* [Work order]: Your answer should be the exact lines of the data below from the one containing "Lemma form_swap p" through the one containing "Proof. by move=> f_p;"; please include nothing else.

* [Record extracts]:
Definition isotropic (R : realType) (n : nat) (L : sub_pred R n) : Prop :=
  forall X a Y b, L X a -> L Y b -> pair_zero X a Y b.

Definition lagrangian (R : realType) (n k : nat) (L : sub_pred R n) : Prop :=
  forall Y b, L Y b <-> Lperp k L Y b.

Definition prV (R : realType) (n : nat) (L : sub_pred R n) : 'rV[R]_n -> Prop :=
  fun X => exists a, L X a.

Definition prW (R : realType) (n : nat) (L : sub_pred R n) : kform R n -> Prop :=
  fun a => exists X, L X a.

Definition capV (R : realType) (n : nat) (L : sub_pred R n) : 'rV[R]_n -> Prop :=
  fun X => L X (@zero_form R n).

Definition polar (R : realType) (n : nat) (S : kform R n -> Prop) : 'rV[R]_n -> Prop :=
  fun X => forall eta, S eta -> forall s, iprod X eta s = 0.

Definition Ann (R : realType) (n k : nat) (E : 'rV[R]_n -> Prop) : kform R n -> Prop :=
  fun a => is_form k a /\ forall Y, E Y -> forall s, iprod Y a s = 0.

Definition weakly_lagrangian (R : realType) (n : nat) (L : sub_pred R n) : Prop :=
  isotropic L /\ forall X, capV L X <-> polar (prW L) X.

Definition standard (R : realType) (n k : nat) (L : sub_pred R n) : Prop :=
  forall X, polar (Ann k (prV L)) X <-> prV L X.

Definition eB (R : realType) (n : nat) (B : kform R n) (L : sub_pred R n) : sub_pred R n :=
  fun Y c => exists X a, [/\ L X a, Y = X & c = (fun s => a s + iprod X B s)].

From mathcomp Require Import all_boot all_order all_algebra.
From mathcomp Require Import reals boolp.
From mathcomp Require Import ring lra.
Set Implicit Arguments. Unset Strict Implicit. Unset Printing Implicit Defensive.
Import Order.TTheory GRing.Theory Num.Theory.
Local Open Scope ring_scope.

(* If a
   subspace M ⊆ pr_1 L already lies in e^B L ∩ V and X_1 + a_1 ∈ L with X_1 ∉ M, take a
   linear form ξ with ξ(X_1) = 1 and ξ(M) = 0 and replace B by B - ξ ∧ (a_1 + i_{X_1} B):
   this puts X_1 in e^B L ∩ V, and by isotropy the correction has zero interior product
   with M.  Iterating yields B with pr_1 L ⊆ e^B L ∩ V; then pr_2(e^B L) ⊆ L ∩ ∧^k V^* ⊆
   Ann(pr_1 L), so the polar of pr_2(e^B L) contains Ann(pr_1 L)°, which is larger than
   pr_1 L exactly when L is non-standard: this is (c).
   For (b), given X_1 ≠ 0 in pr_1 L and η ∈ Ann(pr_1 L), weak lagrangianity of e^B L for
   B = ξ ∧ (η - a_1) forces η ∈ L; a standard L containing Ann(pr_1 L) is lagrangian, and
   e^B of a lagrangian subspace is lagrangian.  For (a), e^B L = L. *)

Section Forms.
Variables (R : realType) (n : nat).
Implicit Types (f g : kform R n) (x y : 'rV[R]_n) (s t : seq 'rV[R]_n).

Lemma form_size p f s : is_form p f -> size s <> p -> f s = 0.
Proof. by case=> + _ _; apply. Qed.

Lemma form_lin_head p f c x y s : is_form p f ->
  f ((c *: x + y) :: s) = c * f (x :: s) + f (y :: s).
Proof.
move=> f_p; case: (f_p) => _ f_lin _.
have [sp|/eqP sNp] := eqVneq (size s).+1 p; first exact: (f_lin [::]).
have f0 z : f (z :: s) = 0 by apply: (form_size f_p).
by rewrite !f0 mulr0 addr0.
Qed.

Lemma form_head0 p f s : is_form p f -> f (0 :: s) = 0.
Proof.
by move=> f_p; have := form_lin_head 1 0 0 s f_p; rewrite scale1r addr0 mul1r; lra.
Qed.

Lemma form_swap p f x y t : is_form p f -> f (x :: y :: t) = - f (y :: x :: t).
Proof.
move=> f_p; case: (f_p) => _ f_lin f_alt.
have [tp|/eqP tNp] := eqVneq (size t).+2 p; last first.
  have f0 z w : f (z :: w :: t) = 0 by apply: (form_size f_p).
  by rewrite !f0 oppr0.
have dup z : f (z :: z :: t) = 0 by apply: f_alt => //=; rewrite inE eqxx.
have lin2 z : f (z :: (1 *: x + y) :: t) = f (z :: x :: t) + f (z :: y :: t).
  by rewrite (f_lin [:: z] t 1 x y) ?mul1r //= addnC.
have := dup (1 *: x + y); rewrite (form_lin_head _ _ _ _ f_p) !mul1r !lin2 !dup.
lra.
Qed.

Lemma form_dup_head p f x t : is_form p f -> f (x :: x :: t) = 0.
Proof. by move=> f_p; have := form_swap x x t f_p; lra. Qed.

Lemma iprod_form p f x : is_form p.+1 f -> is_form p (iprod x f).
Proof.
case=> f_size f_lin f_alt; split.
- by move=> s sNp; apply: f_size => -[].
- by move=> s1 s2 c y z e; apply: (f_lin (x :: s1)); rewrite /= -e.
- by move=> s sp s_dup; apply: f_alt; rewrite /= ?sp // negb_and s_dup orbT.
Qed.

Lemma form_move p f x q r : is_form p f ->
  f (x :: q ++ r) = (-1) ^+ size q * f (q ++ x :: r).
Proof.
elim: q p f => [|z q IHq] p f f_p /=; first by rewrite expr0 mul1r.
rewrite (form_swap _ _ _ f_p); case: p f_p => [|p] f_p.
  by rewrite !(form_size f_p) ?mulr0 ?oppr0.
by have := IHq p _ (iprod_form z f_p); rewrite /iprod exprS => ->; ring.
Qed.

Lemma formD p f g : is_form p f -> is_form p g -> is_form p (fun s => f s + g s).
Proof.
case=> f_size f_lin f_alt [g_size g_lin g_alt]; split.
- by move=> s sNp; rewrite f_size // g_size // addr0.
- by move=> s1 s2 a y z e; rewrite f_lin // g_lin //; ring.
- by move=> s sp s_dup; rewrite f_alt // g_alt // addr0.
Qed.

Lemma formN p f : is_form p f -> is_form p (fun s => - f s).
Proof.
case=> f_size f_lin f_alt; split.
- by move=> s sNp; rewrite f_size ?oppr0.
- by move=> s1 s2 a y z e; rewrite f_lin //; ring.
- by move=> s sp s_dup; rewrite f_alt ?oppr0.
Qed.

Lemma form_zero p : is_form p (@zero_form R n).
Proof. by split=> *; rewrite /zero_form ?mulr0 ?addr0. Qed.

End Forms.

Section Wedge.
Variables (R : realType) (n : nat) (xi : 'rV[R]_n -> R).
Hypothesis xi_lin : forall c x y, xi (c *: x + y) = c * xi x + xi y.
Implicit Types (g : kform R n) (x y : 'rV[R]_n) (s t : seq 'rV[R]_n).

(* [wedge g] is the exterior product [xi /\ g], expanded along its first argument. *)
Fixpoint wedge g s : R :=
  if s is x :: s' then xi x * g s' - wedge (iprod x g) s' else 0.

Lemma wedge0 g s : g =1 @zero_form R n -> wedge g s = 0.
Proof.
elim: s g => //= x s IHs g g0; rewrite g0 IHs ?mulr0 ?subr0 //.
by move=> t; apply: g0.
Qed.

Lemma wedge_iprod g x s : (forall t, g (x :: t) = 0) ->
  wedge g (x :: s) = xi x * g s.
Proof. by move=> gx0; rewrite /= wedge0 ?subr0. Qed.

Lemma wedge_comb c g1 g2 s :
  wedge (fun t => c * g1 t + g2 t) s = c * wedge g1 s + wedge g2 s.
Proof.
elim: s g1 g2 => /= [|x s IHs] g1 g2; first by ring.
by rewrite [wedge (iprod x _) s]IHs; ring.
Qed.

Lemma wedge_size p g s : is_form p g -> size s <> p.+1 -> wedge g s = 0.
Proof.
elim: s p g => //= x s IHs p g g_p sNp.
rewrite (form_size g_p); last by move=> sp; apply: sNp; rewrite sp.
case: p g_p sNp => [|p] g_p sNp.
  by rewrite wedge0 ?mulr0 ?subr0 // => t; apply: (form_size g_p).
by rewrite (IHs p) ?mulr0 ?subr0 //; [exact: iprod_form | move=> sp; apply: sNp; rewrite sp].
Qed.

Lemma wedge_multilinear p g s1 s2 c x y : is_form p g ->
  (size s1 + size s2).+1 = p.+1 ->
  wedge g (s1 ++ (c *: x + y) :: s2) =
  c * wedge g (s1 ++ x :: s2) + wedge g (s1 ++ y :: s2).
Proof.
elim: s1 p g => [|z s1 IHs1] p g g_p /= e.
  have -> : iprod (c *: x + y) g = (fun t => c * iprod x g t + iprod y g t).
    by apply/funext => t; rewrite /iprod (form_lin_head _ _ _ _ g_p).
  by rewrite xi_lin wedge_comb; ring.
case: p g_p e => [|p] g_p // [e]; case: (g_p) => _ g_lin _.
rewrite g_lin ?e // (IHs1 p (iprod z g)) ?e //; first ring.
exact: iprod_form.
Qed.

Lemma wedge_vanish g x q r : (forall t, x \in t -> g t = 0) ->
  wedge g (q ++ x :: r) = (-1) ^+ size q * xi x * g (q ++ r).
Proof.
elim: q g => [|z q IHq] g gx0 /=.
  by rewrite wedge0 ?expr0 ?mul1r ?subr0 // => t; rewrite /iprod gx0 // inE eqxx.
rewrite gx0 ?mem_cat ?inE ?eqxx ?orbT // IHq; last first.
  by move=> t xt; rewrite /iprod gx0 // inE xt orbT.
by rewrite exprS /iprod; ring.
Qed.

Lemma wedge_alternating p g s : is_form p g -> size s = p.+1 -> ~~ uniq s ->
  wedge g s = 0.
Proof.
elim: s p g => //= x s IHs p g g_p [sp]; rewrite negb_and negbK => /orP[xs|s_dup].
  case/splitPr: xs sp => q r qrp.
  have gx0 t : x \in t -> iprod x g t = 0.
    move=> xt; have [tp|/eqP tNp] := eqVneq (size t).+1 p.
      by case: g_p => _ _; apply => //=; rewrite xt.
    exact: (form_size g_p).
  rewrite wedge_vanish // /iprod (form_move _ _ _ g_p) -signr_odd.
  by case: (odd (size q)); rewrite ?expr0 ?expr1; ring.
have -> : g s = 0 by case: g_p => _ _; apply.
rewrite mulr0 sub0r.
case: p g_p sp => [|p] g_p sp; first by case: s {IHs} sp s_dup.
by rewrite (IHs p) ?oppr0 //; exact: iprod_form.
Qed.

Lemma wedge_form p g : is_form p g -> is_form p.+1 (wedge g).
Proof.
move=> g_p; split.
- by move=> s; apply: wedge_size.
- by move=> s1 s2 c x y; apply: wedge_multilinear.
- by move=> s; apply: wedge_alternating.
Qed.

End Wedge.

Lemma exists_functional_notin (R : fieldType) m n (M : 'M[R]_(m, n)) (x : 'rV[R]_n) :
  ~~ (x <= M)%MS ->
  exists xi : 'rV[R]_n -> R,
    [/\ forall c y z, xi (c *: y + z) = c * xi y + xi z, xi x = 1
      & forall y, (y <= M)%MS -> xi y = 0].
Proof.
rewrite submxE => xNM.
have [j xj] : exists j, (x *m cokermx M) 0 j != 0.
  apply/existsP; apply: contraR xNM => /existsPn xM0.
  by apply/eqP/rowP => j; rewrite [RHS]mxE; apply/eqP/negbNE/xM0.
exists (fun y => (y *m cokermx M) 0 j / (x *m cokermx M) 0 j); split.
- by move=> c y z; rewrite mulmxDl -scalemxAl !mxE mulrDl mulrA.
- by rewrite divff.
- by move=> y; rewrite submxE => /eqP ->; rewrite mxE mul0r.
Qed.

Section Subspaces.
Variables (R : realType) (n k : nat).
Implicit Types (L : sub_pred R n) (B : kform R n) (X Y Z : 'rV[R]_n).

Lemma subspace_comb L c X a Y b Z d : is_subspace k L -> L X a -> L Y b ->
  Z = c *: X + Y -> d =1 (fun s => c * a s + b s) -> L Z d.
Proof. by case=> _ _ L_comb LXa LYb -> /funext ->; apply: L_comb. Qed.

Lemma isotropic_iprod_self L X a s : isotropic L -> L X a -> a (X :: s) = 0.
Proof. by move=> L_iso LXa; have := L_iso _ _ _ _ LXa LXa s; rewrite /iprod; lra. Qed.

Lemma lagrangian_isotropic L : lagrangian k L -> isotropic L.
Proof. by move=> L_lag X a Y b LXa /L_lag[_]; apply. Qed.

Lemma isotropic_weakly_lagrangian L : isotropic L ->
  (forall X, polar (prW L) X -> capV L X) -> weakly_lagrangian L.
Proof.
move=> L_iso polar_capV; split=> // X; split=> [LX0 eta [Y LYeta] s|]; last exact: polar_capV.
by have := L_iso _ _ _ _ LYeta LX0 s; rewrite /iprod /zero_form add0r.
Qed.

Lemma prV_polar_Ann L X : prV L X -> polar (Ann k (prV L)) X.
Proof. by move=> EX eta [_ eta_ann]; apply: eta_ann. Qed.

Lemma capW_sub_Ann_prV L eta : is_subspace k L -> isotropic L -> L 0 eta ->
  Ann k (prV L) eta.
Proof.
case=> L_form _ _ L_iso L0eta; split; first exact: L_form L0eta.
move=> Z [a LZa] s; have := L_iso _ _ _ _ L0eta LZa s.
by rewrite /iprod (form_head0 _ (L_form _ _ LZa)) add0r.
Qed.

Lemma capV_eBP L B X :
  capV (eB B L) X <-> exists2 a, L X a & forall s, a s + B (X :: s) = 0.
Proof.
split=> [[Y [a [LYa -> a_B]]]|[a LXa a_B]].
  by exists a => // s; have := congr1 (@^~ s) a_B; rewrite /iprod /zero_form.
by exists X, a; split=> //; apply/funext => s; rewrite /zero_form /iprod a_B.
Qed.

Lemma eB_isotropic p L B : isotropic L -> is_form p B -> isotropic (eB B L).
Proof.
move=> L_iso B_p _ _ _ _ [X [a [LXa -> ->]]] [Y [b [LYb -> ->]]] s.
have := L_iso _ _ _ _ LXa LYb s; rewrite /iprod (form_swap _ _ _ B_p); lra.
Qed.

Lemma eB_id p L B : is_form p B -> (forall X a, L X a -> X = 0) -> eB B L = L.
Proof.
move=> B_p L_W; have eB0 a : (fun s => a s + iprod 0 B s) = a.
  by apply/funext => s; rewrite /iprod (form_head0 _ B_p) addr0.
apply/funext => Y; apply/funext => c; apply/propext; split.
  by case=> X [a [LXa -> ->]]; move: (LXa); rewrite (L_W _ _ LXa) eB0.
by move=> LYc; exists Y, c; split=> //; rewrite (L_W _ _ LYc) eB0.
Qed.

Lemma capV_eB_comb p L B c X Y : is_subspace k L -> is_form p B ->
  capV (eB B L) X -> capV (eB B L) Y -> capV (eB B L) (c *: X + Y).
Proof.
move=> L_sub B_p /capV_eBP[a LXa a_B] /capV_eBP[b LYb b_B]; apply/capV_eBP.
exists (fun s => c * a s + b s); first exact: subspace_comb LXa LYb _ _.
move=> s; rewrite (form_lin_head _ _ _ _ B_p) addrACA -mulrDr a_B b_B.
by rewrite mulr0 addr0.
Qed.

End Subspaces.

Section IsotropicSubspace.
Variables (R : realType) (n k : nat) (L : sub_pred R n).
Hypotheses (L_sub : is_subspace k L) (L_iso : isotropic L).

* [Output for this exercise]:
Lemma form_swap p f x y t : is_form p f -> f (x :: y :: t) = - f (y :: x :: t).
Proof.
move=> f_p; case: (f_p) => _ f_lin f_alt.
have [tp|/eqP tNp] := eqVneq (size t).+2 p; last first.
  have f0 z w : f (z :: w :: t) = 0 by apply: (form_size f_p).
  by rewrite !f0 oppr0.
have dup z : f (z :: z :: t) = 0 by apply: f_alt => //=; rewrite inE eqxx.
have lin2 z : f (z :: (1 *: x + y) :: t) = f (z :: x :: t) + f (z :: y :: t).
  by rewrite (f_lin [:: z] t 1 x y) ?mul1r //= addnC.
have := dup (1 *: x + y); rewrite (form_lin_head _ _ _ _ f_p) !mul1r !lin2 !dup.
lra.
Qed.

Lemma form_dup_head p f x t : is_form p f -> f (x :: x :: t) = 0.
Proof. by move=> f_p; have := form_swap x x t f_p; lra. Qed.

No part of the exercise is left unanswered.